(Task inputs Opens)

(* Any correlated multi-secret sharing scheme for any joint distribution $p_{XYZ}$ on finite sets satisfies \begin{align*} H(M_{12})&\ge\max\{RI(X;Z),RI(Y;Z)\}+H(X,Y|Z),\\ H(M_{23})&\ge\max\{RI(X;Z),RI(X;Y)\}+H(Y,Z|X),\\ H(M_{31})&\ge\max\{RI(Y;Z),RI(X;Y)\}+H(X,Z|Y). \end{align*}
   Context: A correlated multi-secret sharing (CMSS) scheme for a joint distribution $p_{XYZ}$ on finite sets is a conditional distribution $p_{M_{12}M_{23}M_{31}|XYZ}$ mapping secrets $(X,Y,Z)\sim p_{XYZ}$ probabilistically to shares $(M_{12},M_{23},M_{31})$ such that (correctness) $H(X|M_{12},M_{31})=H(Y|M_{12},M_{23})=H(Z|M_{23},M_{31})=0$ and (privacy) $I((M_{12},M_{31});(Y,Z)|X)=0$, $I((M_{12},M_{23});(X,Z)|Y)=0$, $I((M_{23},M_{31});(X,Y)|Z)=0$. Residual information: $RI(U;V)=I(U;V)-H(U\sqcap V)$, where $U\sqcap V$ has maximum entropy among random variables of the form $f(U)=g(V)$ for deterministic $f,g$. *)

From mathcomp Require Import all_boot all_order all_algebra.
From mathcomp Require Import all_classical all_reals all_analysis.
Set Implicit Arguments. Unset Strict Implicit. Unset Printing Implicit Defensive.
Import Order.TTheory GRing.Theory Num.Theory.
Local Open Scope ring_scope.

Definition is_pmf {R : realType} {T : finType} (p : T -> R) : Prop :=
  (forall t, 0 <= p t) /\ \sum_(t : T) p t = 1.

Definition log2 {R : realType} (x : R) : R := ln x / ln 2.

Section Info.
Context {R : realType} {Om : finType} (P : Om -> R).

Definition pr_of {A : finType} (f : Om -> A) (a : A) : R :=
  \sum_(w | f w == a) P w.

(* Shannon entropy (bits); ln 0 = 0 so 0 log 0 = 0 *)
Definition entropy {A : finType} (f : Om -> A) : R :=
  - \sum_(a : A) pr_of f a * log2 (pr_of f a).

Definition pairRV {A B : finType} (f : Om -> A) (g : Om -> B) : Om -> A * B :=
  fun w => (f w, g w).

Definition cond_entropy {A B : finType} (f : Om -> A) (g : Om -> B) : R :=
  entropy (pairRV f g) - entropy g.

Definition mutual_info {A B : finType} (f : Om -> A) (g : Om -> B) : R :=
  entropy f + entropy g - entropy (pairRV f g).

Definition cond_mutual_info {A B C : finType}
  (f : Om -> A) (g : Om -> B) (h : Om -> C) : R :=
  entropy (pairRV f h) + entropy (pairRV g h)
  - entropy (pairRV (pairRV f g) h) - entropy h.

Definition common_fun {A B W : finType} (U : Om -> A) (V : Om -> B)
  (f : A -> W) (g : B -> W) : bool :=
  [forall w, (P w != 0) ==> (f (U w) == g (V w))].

(Task inputs Closes)

Assigned task
Where a line in the entries holds "From", copy that line.

Your response
From mathcomp Require Import all_boot all_order all_algebra.
From mathcomp Require Import all_classical all_reals all_analysis.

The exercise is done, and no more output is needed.